Over the weekend Rory started bloating again following feeding. X-ray suggests a dilation of the small intestine (probably expanding and swollen due to downstream blockage). They took her off of feeds and put the IV and suction tube back in. They're going to do an upper GI contrast today (this time she drinks the barium). Its likely this issue will require corrective surgery similar to the Hirschsrungs.

June 30, 2011

For those that haven't heard the details, here's a synopsis. We took Rory to urgent care on Monday because her stomach was distended and she wasn't eating or passing anything. We had been cautioned by the pediatrician to monitor such things when we left the hospital because Rory was a little slow in taking her first poop. While rare, they were concerned she showed a couple of signs of Hirschsprungs disease (I'll let you google that).

From urgent care she went to the ER, and from the ER to the NICU. They stuck a tube down her nose all the way to her stomach to siphon out everything and to relieve the bloating. They've had her on an IV of sugar water (dextrose) and she hasn't eaten since Monday. Today, they started supplementing her IV with nutritional fluids of some sort.

Tuesday she got a barium enema and x-ray to look for a blockage, but that didn't show anything obvious. Today, they took a biopsy of her large intestine to conclusively determine Hirschsprungs or not. We should get results tomorrow. If it is Hirschsprungs, then it's correctible via surgery, the severity of which is dependent on the location of the problem on the large intestine. If it's not Hirschsprungs, then we are back to square-one in trying to understand the problem. Meanwhile, Rory's stomach is returning to normal and she currently appears fine except for being really, really hungry. But we don't know if she'll just bloat up again once we start feeding her, so she'll likely be in the hospital for several more days regardless of the biopsy result.
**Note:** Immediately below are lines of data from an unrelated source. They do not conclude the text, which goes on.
(* Let $N\ge1$. The group $H'_{\mathbb{Z}/N\mathbb{Z}}=\bar\Gamma(2)/\Phi''_N$ has exponent $N$; in other words, for every $\gamma\in\bar\Gamma(2)$, one has $\gamma^N\in\Phi''_N$.
   Context: Let $\bar\Gamma(2)=\Gamma(2)/\{\pm1\}\subset\mathrm{PSL}_2(\mathbb{Z})$, freely generated by the classes $A$ of $\begin{pmatrix}1&2\\0&1\end{pmatrix}$ and $B$ of $\begin{pmatrix}1&0\\2&1\end{pmatrix}$; $C=ABA^{-1}B^{-1}$. Set $N'=N$ if $N$ is odd and $N'=N/2$ if $N$ even; set $N''=N'$ if $N$ is prime to $3$ and $N''=N'/3$ otherwise. $\Phi_N$ is the kernel of $\bar\Gamma(2)\to(\mathbb{Z}/N\mathbb{Z})^2$, $A\mapsto(1,0)$, $B\mapsto(0,1)$. Let $\bar\psi:\Phi_N\to(\mathbb{Z}/N'\mathbb{Z})^3$ be the group homomorphism which vanishes on $A^N$ and $B^N$ and satisfies $\bar\psi(A^iB^jC^kB^{-j}A^{-i})=(-ik,-jk,k)$ for all $i,j,k\in\mathbb{Z}$. Then $\Phi''_N$ is the kernel of the composition of $\bar\psi$ with the map $(\mathbb{Z}/N'\mathbb{Z})^3\to(\mathbb{Z}/N''\mathbb{Z})^2\times\mathbb{Z}/N'\mathbb{Z}$ reducing the first two coordinates modulo $N''$; it is a normal subgroup of $\bar\Gamma(2)$. *)

From HB Require Import structures.
From mathcomp Require Import all_boot all_order all_algebra.
Set Implicit Arguments. Unset Strict Implicit. Unset Printing Implicit Defensive.
Import Order.TTheory GRing.Theory Num.Theory.
Local Open Scope ring_scope.

(* Gamma(2) is realized as a set of 2x2 integer matrices (in the unit ring
   'M[int]_2); \bar\Gamma(2) = Gamma(2)/{±1} is handled by requiring all maps
   defined on it to be invariant under M |-> -M. *)

Definition mxA : 'M[int]_2 := \matrix_(i < 2, j < 2)
  (if (val i == 0%N) && (val j == 1%N) then 2 else (i == j)%:Z).
Definition mxB : 'M[int]_2 := \matrix_(i < 2, j < 2)
  (if (val i == 1%N) && (val j == 0%N) then 2 else (i == j)%:Z).
Definition mxC : 'M[int]_2 := mxA * mxB * mxA^-1 * mxB^-1.
Definition jacobi_field (A : V -> V -> V -> V) (J : set R) (x phi : R -> V) : Prop :=
  Ccurve 2 J phi /\
  forall t, J t ->
    cov_der_curve A J x (cov_der_curve A J x phi) t =
    curvature A (x t) (cder J x t) (phi t) (cder J x t).

End Defs.

(* Write f(t) = g(x(t); xi(t), eta(t)).  Metric compatibility of D along x is the
   product rule f' = g(x; D xi, eta) + g(x; xi, D eta).  At tau, where eta = 0, the
   first term has derivative g(x; D xi, eta') and the second one
   g(x; D xi, D eta) + g(x; xi, D^2 eta), where D eta(tau) = eta'(tau) and, by the
   Jacobi equation, D^2 eta(tau) = R(x, x', 0) x' = 0.  Hence
   f''(tau) = 2 g(x(tau); D xi(tau), eta'(tau)), and as the eta'(tau) are dense and
   g(x(tau); D xi(tau), .) is continuous, all of these vanish iff D xi(tau) = 0.
   Since g is C^1 only in the sense of directional derivatives, its derivatives
   along curves are obtained from the mean value theorem on lines. *)

From HB Require Import structures.
From mathcomp Require Import all_boot all_order all_algebra.
From mathcomp Require Import all_classical all_reals all_analysis.
From mathcomp Require Import ring lra.
Import Order.TTheory GRing.Theory Num.Theory.
Import numFieldNormedType.Exports.
Local Open Scope classical_set_scope.
Local Open Scope ring_scope.

Set Implicit Arguments. Unset Strict Implicit. Unset Printing Implicit Defensive.

Local Notation punct J t0 := (within (J `\ t0) (nbhs t0)).

Lemma openX (T U : topologicalType) (A : set T) (B : set U) :
  open A -> open B -> open (A `*` B).
Proof.
move=> oA oB; rewrite openE => -[a b] [Aa Bb].
by exists (A, B) => //; split; apply: open_nbhs_nbhs.
Qed.

Section TvsLimits.
Context {R : realType} (W : tvsType R) {T : Type} (F : set_system T).

Lemma tvs_cvgD {FF : Filter F} (f h : T -> W) (a b : W) :
  f i @[i --> F] --> a -> h i @[i --> F] --> b -> f i + h i @[i --> F] --> a + b.
Proof.
move=> fa hb; apply: (cvg_comp _ (fun z : W * W => z.1 + z.2) (cvg_pair fa hb)).
exact: (@add_continuous W (a, b)).
Qed.

Lemma tvs_cvgZ {FF : Filter F} (k : T -> R) (f : T -> W) (c : R) (a : W) :
  k i @[i --> F] --> c -> f i @[i --> F] --> a -> k i *: f i @[i --> F] --> c *: a.
Proof.
move=> kc fa.
apply: (cvg_comp (fun i => (k i : R^o, f i)) (fun z : R^o * W => z.1 *: z.2) (cvg_pair kc fa)).
exact: (@scale_continuous R W (c : R^o, a)).
Qed.

End TvsLimits.

Section Tlim.
Context {R : realType} (W : tvsType R).

Lemma cvg_tlim (F : set_system W) {PF : ProperFilter F} (l : W) :
  hausdorff_space W -> F --> l -> tlim F = l.
Proof.
move=> hW Fl; rewrite /tlim; case: xgetP => [l' _ Fl'|/(_ l) //].
exact: (cvg_unique hW Fl' Fl).
Qed.

Lemma tcvg_tlim (F : set_system W) : tcvg F -> F --> tlim F.
Proof. by case=> l Fl; rewrite /tlim; case: xgetP => [l' _ //|/(_ l)]. Qed.

Lemma dirder_cst (U : tvsType R) (v xi : U) (b : W) :
  hausdorff_space W -> dirder (fun=> b) v xi = 0.
Proof.
move=> hW; rewrite /dirder (_ : dquot _ _ _ = fun=> 0); first exact: cvg_tlim (cvg_cst _).
by apply/funext => t; rewrite /dquot subrr scaler0.
Qed.
Lemma connect_sub_rel_restrict (K K' : pred V) a b : connect (sub_rel e K) a b ->
  (forall z, z \in K -> connect (sub_rel e K) a z -> connect (sub_rel e K) z b -> z \in K') ->
  connect (sub_rel e K') a b.
Proof.
case/connectP=> p ap ->{b}; elim: p a ap => [|y p IHp] a //= /andP[ay yp] inK'.
have /and3P[eay aK yK] := ay.
have yb : connect (sub_rel e K) y (last y p) by apply/connectP; exists p.
have ab := connect_trans (connect1 ay) yb.
apply: (@connect_trans _ _ y).
  apply: connect1; rewrite /sub_rel /= eay.
  by rewrite (inK' a aK (connect0 _ _) ab) (inK' y yK (connect1 ay) yb).
by apply: IHp => // z zK yz zb; apply: inK' zb => //; apply: connect_trans (connect1 ay) yz.
Qed.

Lemma pequiv_sym (K : pred V) x y : pequiv e K x y -> pequiv e K y x.
Proof. by case/and4P=> xK yK xy yx; rewrite /pequiv xK yK xy yx. Qed.

Lemma pequiv_trans (K : pred V) x y z :
  pequiv e K x y -> pequiv e K y z -> pequiv e K x z.
Proof.
case/and4P=> xK _ xy yx /and4P[_ zK yz zy].
by rewrite /pequiv xK zK (connect_trans xy yz) (connect_trans zy yx).
Qed.

Lemma pequiv_restrict (K K' : pred V) x y : pequiv e K x y ->
  (forall z, pequiv e K x z -> z \in K') -> pequiv e K' x y.
Proof.
move=> pxy inK'; case/and4P: (pxy) => xK yK xy yx.
rewrite /pequiv (inK' y pxy) (inK' x) /=; last by rewrite /pequiv xK !connect0.
apply/andP; split.
  apply: (connect_sub_rel_restrict xy) => z zK xz zy.
  by apply: inK'; rewrite /pequiv xK zK xz (connect_trans zy yx).
apply: (connect_sub_rel_restrict yx) => z zK yz zx.
by apply: inK'; rewrite /pequiv xK zK zx (connect_trans xy yz).
Qed.

Lemma pequiv_exit (K A : pred V) x y : pequiv e K x y -> ~~ pequiv e A x y ->
  exists2 u, pequiv e K x u & u \notin A.
Proof.
move=> pxy /negP nA; apply: contrapT => noexit; apply: nA.
apply: (pequiv_restrict pxy) => z pz; apply: contrapT => /negP zA.
by apply: noexit; exists z.
Qed.

Lemma connect_sub_rel_nth (K : pred V) x p i j : path e x p -> i <= j < size (x :: p) ->
  (forall k, i <= k <= j -> nth x (x :: p) k \in K) ->
  connect (sub_rel e K) (nth x (x :: p) i) (nth x (x :: p) j).
Proof.
move=> xp; elim: j => [|j IHj] /andP[ij jp] inK.
  by rewrite leqn0 in ij; rewrite (eqP ij) connect0.
case: (ltngtP i j.+1) ij => [ij|//|->] _; last exact: connect0.
have {}ij : i <= j := ij.
apply: connect_trans (IHj _ _) (connect1 _); first by rewrite ij ltnW.
  by move=> k /andP[ik kj]; apply: inK; rewrite ik ltnW.
apply/and3P; split; first exact: (pathP x xp).
  by apply: inK; rewrite ij leqW.
by apply: inK; rewrite (leqW ij) leqnn.
Qed.

Lemma connect_avoid_along x p r a b : path e x p -> uniq (x :: p) ->
  a \in x :: p -> b \in x :: p -> index a (x :: p) <= index b (x :: p) ->
  (index r (x :: p) < index a (x :: p)) || (index b (x :: p) < index r (x :: p)) ->
  connect (sub_rel e (predC1 r)) a b.
Proof.
move=> xp uxp ap bp ab rab; rewrite -(nth_index x ap) -(nth_index x bp).
apply: connect_sub_rel_nth => //; first by rewrite ab index_mem.
move=> k /andP[ak kb]; rewrite inE; apply: contraTneq rab => kr.
have kp : k < size (x :: p) by rewrite (leq_ltn_trans kb) ?index_mem.
by rewrite -kr index_uniq // negb_or -!leqNgt ak kb.
Qed.

End SubRelation.

Section Network.
Variables (V : finType) (e : rel V) (n : nat) (iota : 'I_n -> V) (o : V).
Hypothesis input_ne_output : forall j, iota j != o.
Hypothesis input_reaches_output : forall j, downstream e (iota j) o.

Local Notation io_simple := (io_simple e iota o).
Local Notation m_simple := (m_simple e iota o).
Local Notation abs_simple := (abs_simple e iota o).
Local Notation abs_appendage := (abs_appendage e iota o).
Local Notation abs_super_simple := (abs_super_simple e iota o).
Local Notation ss_gt := (ss_gt e iota o).
Local Notation between := (between e iota o).
Local Notation CS := (CS iota).
Local Notation A_G := (A_G e iota o).

Lemma exists_io_simple j : exists s, io_simple j s.
Proof. exact: connect_simple_path (input_reaches_output j). Qed.

Lemma connect_io_prefix r j s z : io_simple j s -> z \in iota j :: s ->
  index z (iota j :: s) < index r (iota j :: s) ->
  connect (sub_rel e (predC1 r)) (iota j) z.
Proof.
case/and3P=> ps us _ zl zr.
by apply: (connect_avoid_along ps us) => //=; rewrite ?mem_head ?eqxx ?zr ?orbT.
Qed.

Lemma connect_io_suffix r j s z : io_simple j s -> z \in iota j :: s ->
  index r (iota j :: s) < index z (iota j :: s) ->
  connect (sub_rel e (predC1 r)) z o.
Proof.
case/and3P=> ps us /eqP <- zl rz.
apply: (connect_avoid_along ps us) => //; rewrite ?mem_last ?rz //.
by rewrite index_last // -ltnS index_mem.
Qed.

Lemma super_simple_separates r j :
  abs_super_simple r -> ~ connect (sub_rel e (predC1 r)) (iota j) o.
Proof.
move=> ssr /connect_simple_path[s /and3P[ps us lo]].
have hs : io_simple j s.
  by rewrite /io_simple /simple_path us lo (sub_path _ ps) // => x y /and3P[].
move: (ssr j s hs); rewrite /on_path inE => /predU1P[rj | /(path_sub_rel_mem ps)].
  case: s ps lo {us hs} => [_ /eqP /= jo | y s /= /andP[/and3P[_ + _] _]].
    by move: (input_ne_output j); rewrite jo eqxx.
  by rewrite inE rj eqxx.
by rewrite inE eqxx.
Qed.

Lemma before_super_simple_no_bypass r j s z :
  abs_super_simple r -> io_simple j s -> z \in iota j :: s ->
  index z (iota j :: s) < index r (iota j :: s) ->
  ~ connect (sub_rel e (predC1 r)) z o.
Proof.
move=> ssr hs zl zr zo; apply: (super_simple_separates (j := j) ssr).
exact: connect_trans (connect_io_prefix hs zl zr) zo.
Qed.

Lemma after_super_simple_no_bypass r j s z :
  abs_super_simple r -> io_simple j s -> z \in iota j :: s ->
  index r (iota j :: s) < index z (iota j :: s) ->
  ~ connect (sub_rel e (predC1 r)) (iota j) z.
Proof.
move=> ssr hs zl rz jz; apply: (super_simple_separates (j := j) ssr).
exact: connect_trans jz (connect_io_suffix hs zl rz).
Qed.

Lemma before_super_simple_stable r j1 s1 j2 s2 z :
  abs_super_simple r -> io_simple j1 s1 -> io_simple j2 s2 ->
  z \in iota j1 :: s1 -> z \in iota j2 :: s2 ->
  index z (iota j1 :: s1) < index r (iota j1 :: s1) ->
  index z (iota j2 :: s2) < index r (iota j2 :: s2).
Proof.
move=> ssr h1 h2 zl1 zl2 zr1; rewrite ltnNge leq_eqVlt; apply/negP => /orP[/eqP rz | rz].
  have r2 := ssr j2 s2 h2.
  by move: zr1; rewrite -(index_inj r r2 zl2 rz) ltnn.
exact: (before_super_simple_no_bypass ssr h1 zl1 zr1 (connect_io_suffix h2 zl2 rz)).
Qed.

Lemma splice_io_simple r j1 s1 j2 s2 :
  abs_super_simple r -> io_simple j1 s1 -> io_simple j2 s2 ->
  exists2 s, io_simple j1 s & iota j1 :: s =i splice r (iota j1 :: s1) (iota j2 :: s2).
Proof.
move=> ssr h1 h2; have r1 := ssr j1 s1 h1; have r2 := ssr j2 s2 h2.
have /and3P[p1 u1 _] := h1; have /and3P[p2 u2 /eqP l2o] := h2.
have eR := splice_head (iota j1) s1 r2.
exists (behead (splice r (iota j1 :: s1) (iota j2 :: s2))); last by rewrite -eR.
apply/and3P; split; rewrite -?eR.
- by have := sorted_splice r1 r2 p1 p2; rewrite {1}eR.
- apply: (uniq_splice u1 u2) => z zl1 zl2.
  exact: before_super_simple_stable ssr h1 h2 zl1 zl2.
- by have := last_splice (iota j1) (iota j1 :: s1) r2; rewrite {1}eR /= l2o => ->.
Qed.

Lemma abs_simple_after_super_simple r j s u :
  abs_super_simple r -> io_simple j s -> u \in iota j :: s ->
  index r (iota j :: s) <= index u (iota j :: s) -> abs_simple u.
Proof.
move=> ssr hs ul ru j1; have [s1 h1] := exists_io_simple j1.
have [s' hs' mem_s'] := splice_io_simple ssr h1 hs.
have /and3P[_ us _] := hs.
by exists s'; split; rewrite // /on_path mem_s' mem_splice // ul ru orbT.
Qed.

Lemma between_of_bypasses rk rk1 j s u :
  abs_super_simple rk -> abs_super_simple rk1 -> ss_gt rk rk1 ->
  io_simple j s -> u \in iota j :: s -> u != rk -> u != rk1 ->
  connect (sub_rel e (predC1 rk)) u rk1 -> connect (sub_rel e (predC1 rk1)) rk u ->
  between rk rk1 u.
Proof.
move=> ssk ssk1 gt_k_k1 hs ul uk uk1 u_k1 k_u.
have kl : rk \in iota j :: s := ssk j s hs.
have k1l : rk1 \in iota j :: s := ssk1 j s hs.
have /and3P[_ _ k_k1] := gt_k_k1 j s hs.
have k_lt_u : index rk (iota j :: s) < index u (iota j :: s).
  rewrite ltn_neqAle leqNgt; apply/andP; split.
    by apply: contra uk => /eqP ku; rewrite (index_inj u kl ul ku).
  apply/negP => u_lt_k; apply: (before_super_simple_no_bypass ssk hs ul u_lt_k).
  exact: connect_trans u_k1 (connect_io_suffix hs k1l k_k1).
have u_lt_k1 : index u (iota j :: s) < index rk1 (iota j :: s).
  rewrite ltn_neqAle leqNgt; apply/andP; split.
    by apply: contra uk1 => /eqP uk1; rewrite (index_inj u ul k1l uk1).
  apply/negP => k1_lt_u; apply: (after_super_simple_no_bypass ssk1 hs ul k1_lt_u).
  exact: connect_trans (connect_io_prefix hs kl k_k1) k_u.
split; last by exists j, s; rewrite /comes_after kl ul k1l k_lt_u u_lt_k1.
exact: abs_simple_after_super_simple ssk hs ul (ltnW k_lt_u).
Qed.
Lemma run_loose i t : loose i -> run_start i <= t <= run_end i -> loose t.
Proof.
move=> lo Ht; case: (ltngtP t i) => [lt_ti|lt_it|-> //].
  by apply: (loose_run_start (i := i)); lia.
by apply: (loose_run_end_within (f := n) (i := i)); move: Ht; rewrite /run_end; lia.
Qed.

Lemma run_end_lt i : loose i -> run_end i < n.
Proof.
move=> lo; apply: loose_lt; apply: (run_loose lo).
by have := run_start_le i; have := run_end_ge i; lia.
Qed.

Lemma run_start_run i t : loose i -> run_start i <= t <= run_end i ->
  run_start t = run_start i.
Proof.
move=> lo Ht; apply: run_startE; first lia.
  by move=> u Hu; apply: (run_loose lo); lia.
have [->|pos] := posnP (run_start i); [by left | right; exact: run_start_stop].
Qed.

Lemma run_end_run i t : loose i -> run_start i <= t <= run_end i ->
  run_end t = run_end i.
Proof.
move=> lo Ht; have lt_e := run_end_lt lo.
rewrite {1}/run_end; apply: run_end_withinE; try lia.
  by move=> u Hu; apply: (run_loose lo); lia.
by apply: run_end_within_stop; lia.
Qed.

Lemma loose_mirror i : loose (mirror i) = loose i.
Proof.
rewrite /mirror; case: ifP => // lo; apply: (run_loose lo).
by have := run_start_le i; have := run_end_ge i; lia.
Qed.

Lemma mirrorK : involutive mirror.
Proof.
move=> i; have [lo|nlo] := boolP (loose i); last by rewrite /mirror !(negbTE nlo).
have lm : loose (run_start i + run_end i - i).
  by have := loose_mirror i; rewrite /mirror lo.
rewrite /mirror lo lm.
have := run_start_le i; have := run_end_ge i => ge_e le_s.
have Ht : run_start i <= run_start i + run_end i - i <= run_end i by lia.
by rewrite (run_start_run lo Ht) (run_end_run lo Ht); lia.
Qed.

Lemma mirror_lt i : i < n -> mirror i < n.
Proof.
rewrite /mirror; case: ifP => // lo.
by have := run_end_lt lo; have := run_start_le i; lia.
Qed.

Lemma mirror_succ i : loose i -> loose i.+1 -> mirror i = (mirror i.+1).+1.
Proof.
move=> lo lo1; rewrite /mirror lo lo1 /= lo.
have -> : run_end i = run_end i.+1.
  apply: (run_end_run lo1) => /=; rewrite lo.
  by have := run_end_ge i.+1; have := run_start_le i; lia.
by have := run_end_ge i.+1; have := run_start_le i; lia.
Qed.

Lemma marked_ltn i : marked i -> marked i.+1 -> (w i < w i.+1) = linked i.
Proof.
rewrite /marked /linked => /andP[_ wi] /andP[-> wi1] /=.
by case/orP: wi => /eqP ->; case/orP: wi1 => /eqP ->; rewrite ?eqxx //=; lia.
Qed.

Lemma swap_adjK : involutive swap_adj.
Proof. by move=> c; rewrite /swap_adj; do 4?case: eqP => //=; lia. Qed.

Lemma swap_adj_l : swap_adj l = l.+1.
Proof. by rewrite /swap_adj eqxx. Qed.

Lemma swap_adj_succ : swap_adj l.+1 = l.
Proof. by rewrite /swap_adj eqxx; case: eqP => //; lia. Qed.

Lemma swap_adj_letter c :
  (swap_adj c == l) || (swap_adj c == l.+1) = (c == l) || (c == l.+1).
Proof. by rewrite /swap_adj; do 4?case: eqP => //=; lia. Qed.
(* |u^alpha| <= (max_i |u_i|)^d <= sum_i u_i^d *)
Lemma Rabs_monomial_le (i0 : 'I_n) a u : Rabs (monomial a u) <= power_sum u.
Proof.
have [i u_max] := exists_argmax (fun j => Rabs (u j)) i0.
have -> : Rabs (monomial a u) = \big[Rmult/1]_(j : 'I_n) Rabs (u j) ^ mexp a j.
  rewrite /monomial (big_morph Rabs Rabs_mult Rabs_R1).
  by apply: eq_bigr => j _; rewrite RPow_abs.
apply: Rle_trans (_ : Rabs (u i) ^ d <= _).
  have -> : Rabs (u i) ^ d = \big[Rmult/1]_(j : 'I_n) Rabs (u i) ^ mexp a j.
    rewrite -(big_morph _ (pow_add _) (pow_O _)).
    by congr (_ ^ _); apply/esym/eqP; exact: (proj2_sig a).
  apply: prod_le_compat => j _; split; first exact/pow_le/Rabs_pos.
  by apply: pow_incr; split; [apply: Rabs_pos | apply: u_max].
rewrite RPow_abs Rabs_pos_eq /power_sum; last exact: pow_even_ge0.
by apply: (sum_ge_term (T := ordinal n)) => j; apply: pow_even_ge0.
Qed.

(* A form dominating [power_sum] is interior: perturbing each of the
   [K] coefficients by less than [1/(K+1)] changes [f(u)] by less than
   [power_sum u]. *)
Lemma dominating_interior (i0 : 'I_n) f :
  (forall u, power_sum u <= eval_form f u) -> f_interior (@Pnd n d) f.
Proof.
move=> f_dom.
set K := \big[Rplus/0]_(a : mon n d) 1.
have K_ge0 : 0 <= K by apply: sum_ge0 => a _; lra.
have eps_gt0 : 0 < 1 / (K + 1) by apply: Rdiv_lt_0_compat; lra.
have eps_K : 1 / (K + 1) * K <= 1.
  by apply: (Rmult_le_reg_l (K + 1)); [lra | field_simplify; lra].
exists (1 / (K + 1)); split => // g dist_fg u.
set err := \big[Rplus/0]_a ((g a - f a) * monomial a u).
have -> : eval_form g u = eval_form f u + err.
  by rewrite !eval_formE -big_split /=; apply: eq_bigr => a _; ring.
have err_le : Rabs err <= 1 / (K + 1) * K * power_sum u.
  apply: Rle_trans (Rabs_sum_le _ _ _) _.
  have -> : 1 / (K + 1) * K * power_sum u =
            \big[Rplus/0]_(a : mon n d) (1 / (K + 1) * power_sum u * 1).
    by rewrite -big_distrr /= -/K; ring.
  apply: sum_le_compat => a _; rewrite Rabs_mult Rmult_1_r.
  apply: Rmult_le_compat; try exact: Rabs_pos; last exact: Rabs_monomial_le.
  by have := Rabs_coef_le_dist f g a; lra.
have := f_dom u; have := Rle_abs (- err); rewrite Rabs_Ropp.
have := Rmult_le_compat_r _ _ _ (power_sum_ge0 u) eps_K; lra.
Qed.

End EvenDegree.

Definition mon2_exp (i j : 'I_n) (p q : nat) (l : 'I_n) : nat :=
  ((l == i) * p + (l == j) * q)%nat.

Lemma mon2_exp_le i j p q l : (mon2_exp i j p q l <= p + q)%nat.
Proof.
rewrite /mon2_exp; case: (l == i); case: (l == j);
  by rewrite ?mul0n ?mul1n ?add0n ?addn0 ?leq_addr ?leq_addl.
Qed.

Lemma sum_mon2_exp i j p q : (\sum_(l : 'I_n) mon2_exp i j p q l)%nat = (p + q)%nat.
Proof.
have sum_ind (i' : 'I_n) r : (\sum_(l : 'I_n) (l == i') * r)%nat = r.
  by rewrite (bigD1 i') //= eqxx mul1n big1 ?addn0 // => l /negbTE ->.
by rewrite big_split /= !sum_ind.
Qed.

Definition mon2_ffun (i j : 'I_n) (p q : nat) : {ffun 'I_n -> 'I_d.+1} :=
  [ffun l => inord (mon2_exp i j p q l)].

Lemma mexp_mon2_ffun i j p q (pq : (p + q)%nat = d) l :
  mon2_ffun i j p q l = mon2_exp i j p q l :> nat.
Proof. by rewrite ffunE inordK // ltnS -pq mon2_exp_le. Qed.

Lemma sum_mon2_ffun i j p q (pq : (p + q)%nat = d) :
  (\sum_(l : 'I_n) mon2_ffun i j p q l)%nat == d.
Proof.
rewrite -[X in _ == X]pq -(sum_mon2_exp i j).
by apply/eqP/eq_bigr => l _; rewrite (mexp_mon2_ffun _ _ pq).
Qed.

Definition mon2 i j p q (pq : (p + q)%nat = d) : mon n d :=
  exist _ (mon2_ffun i j p q) (sum_mon2_ffun i j pq).
Lemma double_counting (I J : finType) (X : {set I}) (Y : {set J}) (R : I -> J -> bool) :
  \sum_(x in X) #|[set y in Y | R x y]| = \sum_(y in Y) #|[set x in X | R x y]|.
Proof.
under eq_bigr do rewrite -sum1dep_card.
under [RHS]eq_bigr do rewrite -sum1dep_card.
rewrite (exchange_big_dep (fun y => y \in Y)) => [|x y _ /andP[]//].
by apply: eq_bigr => y yY; apply: eq_bigl => x; rewrite yY.
Qed.

Lemma card_one_point_extensions (T : finType) (e : {set T}) (P : pred {set T}) :
  #|[set t : {set T} | [&& e \subset t, #|t| == #|e|.+1 & P t]]| =
  #|[set v | (v \notin e) && P (v |: e)]|.
Proof.
set D := [set v | _]; rewrite -(card_in_imset (f := fun v => v |: e) (D := D)); last first.
  move=> v v'; rewrite !inE => /andP[ve _] /andP[v'e _] vv'.
  by have := setU11 v e; rewrite vv' in_setU1 (negbTE ve) orbF => /eqP.
apply: eq_card => t; rewrite inE; apply/idP/imsetP.
- case/and3P=> et /eqP t_card Pt.
  have /cards1P[v tDe] : #|t :\: e| == 1 by rewrite cardsD (setIidPr et) t_card subSnn.
  have vt : v \in t :\: e by rewrite tDe set11.
  have tE : t = v |: e by rewrite -(setID t e) (setIidPr et) tDe setUC.
  by exists v => //; move: vt; rewrite !inE -tE Pt andbT => /andP[].
- case=> v; rewrite inE => /andP[ve Pv] ->.
  by rewrite subsetUr Pv cardsU1 ve add1n eqxx.
Qed.

Lemma card2_set2 (T : finType) (e : {set T}) a b :
  #|e| = 2 -> a \in e -> b \in e -> a != b -> e = [set a; b].
Proof.
move=> e_card ae be ab; apply/eqP; rewrite eq_sym eqEcard subUset !sub1set ae be.
by rewrite cards2 ab e_card.
Qed.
Reese and Riley are well and having fun at their grandparents house for now. Christine and I are staying at our new best friends house - you know him too, he's the world famous Ronald McDonald! The RMH organization must be one of the most well known, but under-appreciated charities out there. Based on what I've seen, they provide a tremendous amount of support to relieve many burdens, big and small, from the families of sick kids. Kids that are in a lot more trouble than our Rory. So next time you're at Micky Dee's (you know you eat there!), toss your change in the box next to the register because it really is a worthy cause.

June 28, 2011

We had to admit Rory to Rady's NICU tonight. They're going to run some tests in in the AM for a possible blockage preventing her from pooping and not eating sufficiently. That will likely lead to a biopsy and more tests.

The beginning

Rory's story starts out like any other...she was born. Rory was born into a family that loves her, with a mother and father that very much wanted her, and an older brother and sister that were eagerly anticipating her arrival. From there her story deviates a bit from the preferred path of life. So much so, that in her first five weeks of life, she spent more time in a hospital than at home with the family that loves her so.

After an uneventful birth and fairly typical hospital stay for mom and daughter, Rory went home where she was doted on by family, as all newborns should be. About two weeks after she arrived home, her bowel movements became less and less frequent, and her feeding started to drop off. She became very lethargic, and would simply fall asleep while feeding.

Christine grew concerned quickly, and took her to the pediatricians after-hours urgent care. They recommended that she take her over to the Emergency Room at Rady Children's hospital since it was fairly close, and they would have the proper equipment to perform a more thorough assessment.

In order to catch up to today in the story, the next few entries are correspondences provided regarding the developing situation.